Exercise: Reproduce only the stretch of entries below that begins at the first line and ends at the line holding "Definition qhooks (q".

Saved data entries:
(* qgaps q X x counts the hooks (x, y) at the bead x whose length x - y is
   divisible by q; qhooks q X counts all hooks of length divisible by q. *)
Definition qgaps (q : nat) (X : seq nat) (x : nat) : nat :=
  count (fun y => (y \notin X) && (q %| x - y)) (iota 0 x).

Definition qhooks (q : nat) (X : seq nat) : nat := sumn [seq qgaps q X x | x <- X].

(* Walking down from x by steps of q towards a gap y reaches an x0 in X with
   x0 - q not in X: a removable q-hook. *)
Lemma removable_qhook_below q (X : seq nat) x y : 0 < q -> x \in X -> y < x ->
  y \notin X -> q %| x - y -> exists2 x0, x0 \in X & (q <= x0) && (x0 - q \notin X).
Proof.
move=> q0 + + yX; have [N hN] : exists N, x - y <= N by exists (x - y).
elim: N x hN => [|N IH] x hN xX yx dq; first lia.
have hq : q <= x - y by apply: dvdn_leq => //; lia.
case: (boolP (x - q \in X)) => h; last by exists x => //; rewrite h andbT; lia.
have ne : x - q != y by apply: contraNneq yX => <-.
apply: (IH (x - q)) => //; [lia | lia |].
have -> : x - q - y = (x - y) - q by lia.
by rewrite dvdn_sub.
Qed.

Lemma removable_qhook q (X : seq nat) : 0 < q -> 0 < qhooks q X ->
  exists2 x0, x0 \in X & (q <= x0) && (x0 - q \notin X).
Proof.
move=> q0; rewrite /qhooks sumnE big_map lt0n sum_nat_seq_neq0 => /hasP [x xX].
rewrite /= -lt0n /qgaps -has_count => /hasP [y].
rewrite mem_iota add0n => /andP [_ yx] /andP [yX dq].
exact: (removable_qhook_below q0 xX yx yX dq).
Qed.

Lemma count_split (a b : pred nat) s :
  count a s = count (predI a b) s + count (predI a (predC b)) s.
Proof. by elim: s => //= x s ->; case: (a x); case: (b x) => /=; lia. Qed.

Lemma count_le1 u s (P : pred nat) : uniq s ->
  (forall y, y \in s -> P y -> y = u) -> count P s <= 1.
Proof.
move=> us hP; apply: (@leq_trans (count (pred1 u) s)).
  rewrite (@eq_in_count _ P (fun y => (y \in s) && P y)); last by move=> y ->.
  by apply: sub_count => y /andP [ys /(hP _ ys) ->]; rewrite /= eqxx.
by rewrite count_uniq_mem //; case: (u \in s).
Qed.

Definition remove_qhook (q : nat) (X : seq nat) (x0 : nat) : seq nat :=
  (x0 - q) :: rem x0 X.

Section RemoveQhook.
Variables (q : nat) (X : seq nat) (x0 : nat).
Hypotheses (q0 : 0 < q) (uX : uniq X) (x0X : x0 \in X) (qx0 : q <= x0)
  (nX : x0 - q \notin X).
Let X' := remove_qhook q X x0.

Lemma mem_remove_qhook y : (y \in X') = (y == x0 - q) || ((y != x0) && (y \in X)).
Proof. by rewrite inE (mem_rem_uniq _ uX) inE. Qed.

Lemma remove_qhookP : [/\ uniq X', size X' = size X, sumn X' + q = sumn X &
  nodd X' <= (nodd X).+1 /\ nodd X <= (nodd X').+1].
Proof.
have hp := perm_to_rem x0X.
have hc : nodd X = odd x0 + nodd (rem x0 X) by rewrite /nodd (permP hp).
split.
- by rewrite /= rem_uniq // andbT; apply: contra nX => /mem_rem.
- by rewrite (perm_size hp).
- rewrite (perm_sumn hp) /=; lia.
- by move: hc; rewrite /nodd /=; case: (odd _); case: (odd _) => /=; lia.
Qed.

(* The moved bead keeps its q-gaps below x0 - q, and has at most one in between. *)
Lemma qgaps_moved : qgaps q X x0 <= (qgaps q X' (x0 - q)).+1.
Proof.
rewrite /qgaps; set u := x0 - q.
have -> : x0 = u + q by rewrite /u; lia.
rewrite iotaD count_cat add0n -addn1; apply: leq_add.
  apply/eq_leq/eq_in_count => y; rewrite mem_iota add0n => /andP [_ yu].
  have -> : u + q - y = q + (u - y) by lia.
  rewrite dvdn_addr // mem_remove_qhook.
  have -> : (y == u) = false by apply/negbTE; rewrite neq_ltn yu.
  by have -> : (y != x0) = true by apply/eqP; lia.
apply: (count_le1 (u := u) (iota_uniq _ _)) => y.
rewrite mem_iota => /andP [h1 h2] /andP [_ dq].
have : q <= u + q - y by apply: dvdn_leq => //; lia.
lia.
Qed.

(* Another bead z loses at most the gap x0 - q, and then gains the gap x0. *)
Lemma qgaps_other z : z \in X -> z != x0 -> qgaps q X z <= qgaps q X' z.
Proof.
move=> zX zx0; rewrite /qgaps.
set P := (fun y => _); set P' := (fun y => _).
rewrite (count_split P P') (count_split P' P).
rewrite [count (predI P' P) _](@eq_count _ _ (predI P P')); last first.
  by move=> y /=; rewrite andbC.
rewrite leq_add2l.
have lost : count (predI P (predC P')) (iota 0 z) <= (x0 - q < z) && (q %| z - (x0 - q)).
  case: (boolP ((x0 - q < z) && _)) => hc.
    apply: (count_le1 (u := x0 - q) (iota_uniq _ _)) => y _ /andP [] /andP [yX dq] /=.
    by rewrite /P' mem_remove_qhook negb_and negbK dq orbF (negbTE yX) andbF orbF => /eqP.
  rewrite leqn0 -(negbK (_ == 0)) -lt0n -has_count; apply/hasP => [[y]].
  rewrite mem_iota add0n => /andP [_ yz] /andP [] /andP [yX dq] /=.
  rewrite /P' mem_remove_qhook negb_and negbK dq orbF (negbTE yX) andbF orbF => /eqP e.
  by move: hc; rewrite -e yz dq.
apply: (leq_trans lost); case/boolP: ((x0 - q < z) && _) => // /andP [uz dq].
have hq : q <= z - (x0 - q) by apply: dvdn_leq => //; lia.
have zx : x0 < z by move: zx0; rewrite neq_ltn => /orP [|//]; lia.
rewrite -has_count; apply/hasP; exists x0; first by rewrite mem_iota; lia.
rewrite /= /P' /P mem_remove_qhook x0X eqxx /= andbT orbF.
have -> : (x0 == x0 - q) = false by apply/negbTE/eqP; lia.
have -> : z - x0 = (z - (x0 - q)) - q by lia.
by rewrite dvdn_sub.
Qed.
Lemma prod_primes_squarefree m : squarefree m -> \prod_(p <- primes m) p = m.
Proof.
move=> sq_m; rewrite [RHS]prod_prime_decomp ?squarefree_gt0 // prime_decompE big_map.
apply: eq_big_seq => p pm; have := logn_squarefree_le1 p sq_m.
by rewrite -logn_gt0 in pm; case: (logn p m) pm => [|[|]].
Qed.

Lemma squarefree_eq a b :
  squarefree a -> squarefree b -> primes a =i primes b -> a = b.
Proof.
move=> sq_a sq_b eq_ab.
rewrite -(prod_primes_squarefree sq_a) -(prod_primes_squarefree sq_b).
by rewrite (irr_sorted_eq ltn_trans ltnn (sorted_primes a) (sorted_primes b) eq_ab).
Qed.

Lemma nprimes_partC pi m : nprimes m`_pi + nprimes m`_pi^' = nprimes m.
Proof. by rewrite /nprimes !primes_part !size_filter count_predC. Qed.

Lemma leq_expn2r m n e : m <= n -> m ^ e <= n ^ e.
Proof. by case: e => // e le_mn; rewrite leq_exp2r. Qed.

Lemma expn_size_le_prod b s : {in s, forall x, b <= x} -> b ^ size s <= \prod_(x <- s) x.
Proof.
elim: s => [|x s IHs] le_bs; first by rewrite big_nil.
rewrite big_cons expnS leq_mul ?le_bs ?mem_head // IHs // => y ys.
by rewrite le_bs // inE ys orbT.
Qed.

Lemma prod_le_expn_size b (s : seq nat) F :
  {in s, forall x, F x <= b} -> \prod_(x <- s) F x <= b ^ size s.
Proof.
elim: s => [|x s IHs] le_sb; first by rewrite big_nil.
rewrite big_cons expnS leq_mul ?le_sb ?mem_head // IHs // => y ys.
by rewrite le_sb // inE ys orbT.
Qed.

Definition primepi (y : nat) : nat := count prime (iota 0 y).

Definition primorial (y : nat) : nat := \prod_(0 <= p < y | prime p) p.

Lemma primepiS y : primepi y.+1 = primepi y + prime y.
Proof. by rewrite /primepi -addn1 iotaD count_cat /= addn0. Qed.

Lemma leq_primepi y z : y <= z -> primepi y <= primepi z.
Proof.
move/subnKC <-; elim: (z - y) => [|d IHd]; first by rewrite addn0.
by rewrite addnS primepiS (leq_trans IHd) ?leq_addr.
Qed.

Lemma exists_primepi_eq k : exists2 q, prime q & primepi q = k.
Proof.
have primepi_unbounded : exists y, k < primepi y.
  elim: k => [|k [y lt_ky]]; first by exists 3.
  have [p lt_yp p_pr] := prime_above y.
  exists p.+1; rewrite primepiS p_pr addn1 ltnS (leq_trans lt_ky) //.
  exact/leq_primepi/ltnW.
have [[|y] lt_k_y min_y] := ex_minnP primepi_unbounded; first by [].
have le_y_k : primepi y <= k by rewrite leqNgt; apply/negP => /min_y; rewrite ltnn.
move: lt_k_y; rewrite primepiS; case: (boolP (prime y)) => [y_pr | _].
  by rewrite addn1 ltnS => le_k_y; exists y => //; apply/eqP; rewrite eqn_leq le_y_k.
by rewrite addn0 ltnNge le_y_k.
Qed.

Lemma logn_prod_primes r s : all prime s -> logn r (\prod_(p <- s) p) = count_mem r s.
Proof.
elim: s => [|p s IHs] /=; first by rewrite big_nil logn1.
case/andP=> p_pr s_pr.
have s_gt0 : 0 < \prod_(x <- s) x
  by rewrite big_seq prodn_cond_gt0 // => x /(allP s_pr)/prime_gt0.
by rewrite big_cons (lognM _ (prime_gt0 p_pr) s_gt0) logn_prime // IHs // eq_sym.
Qed.

Lemma logn_primorial r y : logn r (primorial y) = prime r && (r < y).
Proof.
rewrite /primorial -big_filter logn_prod_primes ?filter_all //.
by rewrite count_uniq_mem ?filter_uniq ?iota_uniq // mem_filter mem_iota add0n subn0.
Qed.

Lemma primorial_gt0 y : 0 < primorial y.
Proof. by apply: prodn_cond_gt0 => p /prime_gt0. Qed.

Lemma squarefree_primorial y : squarefree (primorial y).
Proof.
by apply: squarefree_logn (primorial_gt0 y) _ => p; rewrite logn_primorial leq_b1.
Qed.

Lemma mem_primes_primorial r y : (r \in primes (primorial y)) = prime r && (r < y).
Proof. by rewrite -logn_gt0 logn_primorial lt0b. Qed.

Lemma nprimes_primorial y : nprimes (primorial y) = primepi y.
Proof.
rewrite /nprimes /primepi -size_filter.
congr size; apply: (irr_sorted_eq ltn_trans ltnn (sorted_primes _)).
  by apply: sorted_filter; [exact: ltn_trans | exact: iota_ltn_sorted].
by move=> r; rewrite mem_primes_primorial mem_filter mem_iota.
Qed.

Lemma primorialS q : prime q -> primorial q.+1 = primorial q * q.
Proof.
by move=> q_pr; rewrite /primorial big_mkcond big_nat_recr //= -big_mkcond q_pr.
Qed.

Lemma leq_primorial y z : y <= z -> primorial y <= primorial z.
Proof.
move=> le_yz; rewrite /primorial (big_cat_nat (leq0n y) le_yz) /=.
by rewrite leq_pmulr // prodn_cond_gt0 // => p /prime_gt0.
Qed.

Lemma leq_nprimes_maxface n m :
  squarefree m -> 0 < m <= n -> nprimes m <= maxface n.
Proof.
move=> sq_m /andP[m_gt0 le_mn].
by apply: (leq_bigmax_seq (F := nprimes) m) => //; rewrite mem_index_iota m_gt0 ltnS.
Qed.

Lemma ltn_primorial_maxface n q :
  prime q -> primepi q = maxface n -> n < primorial q.+1.
Proof.
move=> q_pr pi_q; rewrite ltnNge; apply/negP => le_Pn.
have := leq_nprimes_maxface (squarefree_primorial q.+1) (n := n).
rewrite primorial_gt0 le_Pn nprimes_primorial primepiS q_pr pi_q addn1 ltnn.
by move/(_ isT).
Qed.

Section SplitAtPrime.

Variables (q m : nat).
Hypothesis sq_m : squarefree m.
Local Notation small := [pred p | p < q].

Lemma part_small_primorial : m`_small = (primorial q)`_\pi(m).
Proof.
apply: squarefree_eq; rewrite ?squarefree_part ?squarefree_primorial // => p.
rewrite !primes_part !mem_filter mem_primes_primorial !inE /=.
rewrite andbC; case: (boolP (p \in primes m)) => //=.
by rewrite mem_primes => /andP[->].
Qed.

Lemma exists_cofactor : nprimes m = primepi q -> m < primorial q * q ->
  exists c, [/\ squarefree c, {in primes c, forall p, p < q},
                nprimes c = nprimes m`_small^' & m`_small^' < q * c].
Proof.
move=> nprimes_m lt_m_Pq; set P := primorial q.
(* The primes below q that do not divide m. *)
exists P`_(\pi(m))^'; split.
- exact/squarefree_part/squarefree_primorial.
- move=> p; rewrite primes_part mem_filter mem_primes_primorial.
  by case/and3P.
- apply/eqP; rewrite -(eqn_add2l (nprimes P`_\pi(m))) nprimes_partC nprimes_primorial.
  by rewrite -part_small_primorial nprimes_partC nprimes_m.
move: lt_m_Pq; rewrite -{1}(partnC small (squarefree_gt0 sq_m)).
rewrite -{1}(partnC \pi(m) (primorial_gt0 q)) -part_small_primorial -mulnA.
by rewrite ltn_pmul2l ?part_gt0 // mulnC.
Qed.

End SplitAtPrime.

Lemma bernoulli_nat a t n : a ^ n.+1 + n.+1 * t * a ^ n <= (a + t) ^ n.+1.
Proof.
elim: n => [|n IHn]; first by rewrite !expn1 expn0 muln1 mul1n.
rewrite [(a + t) ^ n.+2]expnS (leq_trans _ (leq_mul (leqnn (a + t)) IHn)) //.
rewrite !expnS; nia.
Qed.

Lemma expn_subn_double_le q t v : 0 < v -> q <= v * t -> (q - t) ^ v * 2 <= q ^ v.
Proof.
case: v => // v _ le_q_vt; have [le_qt | lt_tq] := leqP q t.
  by rewrite (eqP le_qt) exp0n.
have := bernoulli_nat (q - t) t v; rewrite subnK; last exact: ltnW.
apply: leq_trans.
rewrite muln2 -addnn leq_add2l expnS leq_mul2r.
by rewrite (leq_trans (leq_subr t q) le_q_vt) orbT.
Qed.

Lemma prod_uniq_le q t s : uniq s -> {in s, forall x, x < q} -> 2 * t <= size s ->
  \prod_(x <- s) x <= q ^ (size s - t) * (q - t) ^ t.
Proof.
move=> uniq_s lt_sq le_2t_s.
rewrite (bigID (fun x => x <= q - t)) /=.
set a := count (fun x => x <= q - t) s.
set b := count (predC (fun x => x <= q - t)) s.
have size_s : a + b = size s by rewrite count_predC.
have le_b_t : b <= t.-1.
  rewrite /b -size_filter -[t.-1](size_iota (q - t).+1); apply: uniq_leq_size.
    exact: filter_uniq.
  move=> x; rewrite mem_filter /= mem_iota -ltnNge => /andP[lt_x xs].
  have := lt_sq x xs; lia.
have le_small : \prod_(x <- s | x <= q - t) x <= (q - t) ^ a.
  rewrite -big_filter (leq_trans (prod_le_expn_size (b := q - t) _)) ?size_filter //.
  by move=> x; rewrite mem_filter => /andP[].
have le_large : \prod_(x <- s | ~~ (x <= q - t)) x <= q ^ b.
  rewrite -big_filter (leq_trans (prod_le_expn_size (b := q) _)) ?size_filter //.
  by move=> x; rewrite mem_filter => /andP[_ /lt_sq/ltnW].
apply: leq_trans (leq_mul le_small le_large) _.
have -> : a = t + (a - t) by lia.
rewrite expnD -mulnA mulnC leq_mul //.
have -> : size s - t = (a - t) + b by lia.
by rewrite expnD leq_mul2r leq_expn2r ?leq_subr ?orbT.
Qed.

Lemma size_uniq_lt q v e s : uniq s -> {in s, forall x, x < q} ->
  q < 2 ^ e -> q <= v * (v * e) -> q ^ size s < q * \prod_(x <- s) x ->
  size s < 2 * (v * e).
Proof.
move=> uniq_s lt_sq lt_q_2e le_q_vve lt_qs; rewrite ltnNge; apply/negP => le_st.
have [q_gt0 prod_gt0] : 0 < q /\ 0 < \prod_(x <- s) x.
  by apply/andP; rewrite -muln_gt0 (leq_trans _ lt_qs).
have v_gt0 : 0 < v.
  by case: (posnP v) => // v0; move: le_q_vve q_gt0; rewrite v0; lia.
set t := v * e in le_q_vve le_st *.
(* Bernoulli: (1 - t/q)^v <= 1/2 as v t >= q; raising to the power e gives: *)
have halve : (q - t) ^ t * 2 ^ e <= q ^ t.
  have := leq_expn2r e (expn_subn_double_le v_gt0 le_q_vve).
  by rewrite expnMn -!expnM.
have : \prod_(x <- s) x * 2 ^ e < \prod_(x <- s) x * q.
  rewrite [_ * q]mulnC (leq_ltn_trans _ lt_qs) //.
  apply: leq_trans (leq_mul (prod_uniq_le uniq_s lt_sq le_st) (leqnn _)) _.
  have le_ts : t <= size s by lia.
  rewrite -mulnA -[in leqRHS](subnK le_ts) expnD.
  by rewrite leq_mul2l halve orbT.
by rewrite ltn_pmul2l // ltnNge ltnW.
Qed.

Lemma exp2_le_central_bin N : 2 ^ N <= 'C(N.*2, N).
Proof.
elim: N => [|N IHN]; first by rewrite bin0.
rewrite doubleS !binS expnS mul2n -addnn leq_add //.
  exact: leq_trans IHN (leq_addl _ _).
exact: leq_trans IHN (leq_bin2l _ (leqnSn _)).
Qed.

Lemma logn_fact_widen p a L : prime p -> a <= L ->
  logn p a`! = \sum_(1 <= k < L.+1) a %/ p ^ k.
Proof.
move=> p_pr le_aL; rewrite logn_fact // [RHS](big_cat_nat _ (n := a.+1)) //= ?ltnS //.
rewrite [X in _ + X]big1_seq ?addn0 // => k /andP[_]; rewrite mem_index_iota.
case/andP=> lt_ak _; rewrite divn_small // (leq_trans lt_ak) // ltnW //.
exact/ltn_expl/prime_gt1.
Qed.

Lemma sum_leq_indicator M t : \sum_(1 <= k < M.+1) (k <= t) = minn M t.
Proof.
elim: M => [|M IHM]; first by rewrite big_geq // min0n.
by rewrite big_nat_recr //= IHM; case: (leqP M.+1 t) => /=; lia.
Qed.

Lemma logn_bin_le p L m : prime p -> logn p 'C(L, m) <= trunc_log p L.
Proof.
move=> p_pr; have p_gt1 := prime_gt1 p_pr.
have [le_mL | lt_Lm] := leqP m L; last by rewrite bin_small // logn0.
have logn_fact_L : logn p L`! = logn p 'C(L, m) + (logn p m`! + logn p (L - m)`!).
  by rewrite -(bin_fact le_mL) !lognM ?muln_gt0 ?fact_gt0 ?bin_gt0.
suff : logn p L`! <= logn p m`! + logn p (L - m)`! + trunc_log p L by lia.
rewrite (logn_fact_widen p_pr (leqnn L)) (logn_fact_widen p_pr le_mL).
rewrite (logn_fact_widen p_pr (leq_subr m L)) -big_split /=.
apply: leq_trans (leq_add (leqnn _) (geq_minr L (trunc_log p L))).
rewrite -sum_leq_indicator -big_split /=.
apply: leq_sum => k _; have d_gt0 : 0 < p ^ k by rewrite expn_gt0 prime_gt0.
rewrite -{1}(subnKC le_mL) divnD // leq_add2l; case le_d_mod: (p ^ k <= _) => //.
rewrite lt0b; apply: trunc_log_max => //; apply: leq_trans (idP le_d_mod) _.
by rewrite -[leqRHS](subnKC le_mL) leq_add ?leq_mod.
Qed.

Lemma bin_le_expn_primepi L m : 0 < L -> 'C(L, m) <= L ^ primepi L.+1.
Proof.
move=> L_gt0; have [le_mL | lt_Lm] := leqP m L; last by rewrite bin_small.
set C := 'C(L, m); have C_gt0 : 0 < C by rewrite bin_gt0.
have le_pow_L p : prime p -> p ^ logn p C <= L.
  move=> p_pr; apply: leq_trans (trunc_logP (prime_gt1 p_pr) L_gt0).
  by rewrite leq_exp2l ?prime_gt1 ?logn_bin_le.
rewrite {1}(prod_prime_decomp C_gt0) prime_decompE big_map /=.
apply: leq_trans (prod_le_expn_size _) (leq_pexp2l L_gt0 _).
  by move=> p; rewrite mem_primes => /andP[/le_pow_L].
rewrite /primepi -size_filter uniq_leq_size ?primes_uniq // => p pC.
have p_pr : prime p by move: pC; rewrite mem_primes => /andP[].
rewrite mem_filter p_pr mem_iota /= ltnS (leq_trans _ (le_pow_L p p_pr)) //.
by rewrite -{1}(expn1 p) (leq_pexp2l (prime_gt0 p_pr)) // logn_gt0.
Qed.

Lemma exp2_half_le_expn_primepi x : 2 ^ x.-1./2 <= x ^ primepi x.
Proof.
set N := x.-1./2; have [N0 | N_gt0] := posnP N.
  by rewrite N0 expn_gt0; case: x {N N0}.
have lt_2N_x : N.*2 < x.
  have := odd_double_half x.-1; rewrite -/N; lia.
apply: leq_trans (exp2_le_central_bin N) _.
have L_gt0 : 0 < N.*2 by rewrite double_gt0.
apply: leq_trans (bin_le_expn_primepi N L_gt0) _.
rewrite (leq_trans (leq_expn2r _ (ltnW lt_2N_x))) // leq_pexp2l ?leq_primepi //.
exact: leq_ltn_trans lt_2N_x.
Qed.

Lemma leq_primepi_log q e : q < 2 ^ e -> q <= 2 * e * primepi q + 2.
Proof.
move=> lt_q_2e; have := exp2_half_le_expn_primepi q.
move/leq_trans/(_ (leq_expn2r (primepi q) (ltnW lt_q_2e))).
rewrite -expnM leq_exp2l // => le_half.
by have := odd_double_half q.-1; lia.
Qed.

Lemma large_part_lt q m v e : squarefree m -> nprimes m = primepi q ->
  m < primorial q * q -> q < 2 ^ e -> q <= v * (v * e) ->
  m`_[pred p | p < q]^' < q ^ (2 * (v * e)).
Proof.
move=> sq_m nprimes_m lt_m lt_q_2e le_q_vve; set h := m`_[pred p | p < q]^'.
have [c [sq_c lt_cq nprimes_c lt_h_qc]] := exists_cofactor sq_m nprimes_m lt_m.
have le_qh : q ^ nprimes h <= h.
  have sq_h : squarefree h := squarefree_part _ sq_m.
  rewrite -{2}(prod_primes_squarefree sq_h) expn_size_le_prod //.
  by move=> p; rewrite primes_part mem_filter !inE -leqNgt => /andP[].
have lt_size : nprimes h < 2 * (v * e).
  rewrite -nprimes_c; apply: size_uniq_lt (primes_uniq c) lt_cq lt_q_2e le_q_vve _.
  by rewrite prod_primes_squarefree // -/(nprimes c) nprimes_c (leq_ltn_trans le_qh).
have [q_gt0 _] : 0 < q /\ 0 < c by apply/andP; rewrite -muln_gt0 (leq_trans _ lt_h_qc).
rewrite -nprimes_c in lt_size.
apply: leq_trans lt_h_qc (leq_trans _ (leq_pexp2l q_gt0 lt_size)).
rewrite expnS leq_mul2l -{1}(prod_primes_squarefree sq_c) prod_le_expn_size ?orbT //.
by move=> p /lt_cq /ltnW.
Qed.

Lemma expn4_le_exp2 w : 16 <= w -> w ^ 4 <= 2 ^ w.
Proof.
move/subnKC <-; elim: (w - 16) => [|d IHd]; first by rewrite addn0.
rewrite addnS expnS (leq_trans _ (leq_mul (leqnn 2) IHd)) //.
set u := 16 + d; have u_ge : 16 <= u by rewrite leq_addr.
rewrite !expnS expn0 !muln1.
have u2 : 16 * u <= u * u by rewrite leq_mul2r u_ge orbT.
have u3 : 16 * (u * u) <= u * (u * u) by rewrite leq_mul2r u_ge orbT.
have u4 : 16 * (u * (u * u)) <= u * (u * (u * u)) by rewrite leq_mul2r u_ge orbT.
nia.
Qed.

Answer area:
(* qgaps q X x counts the hooks (x, y) at the bead x whose length x - y is
   divisible by q; qhooks q X counts all hooks of length divisible by q. *)
Definition qgaps (q : nat) (X : seq nat) (x : nat) : nat :=
  count (fun y => (y \notin X) && (q %| x - y)) (iota 0 x).

Definition qhooks (q : nat) (X : seq nat) : nat := sumn [seq qgaps q X x | x <- X].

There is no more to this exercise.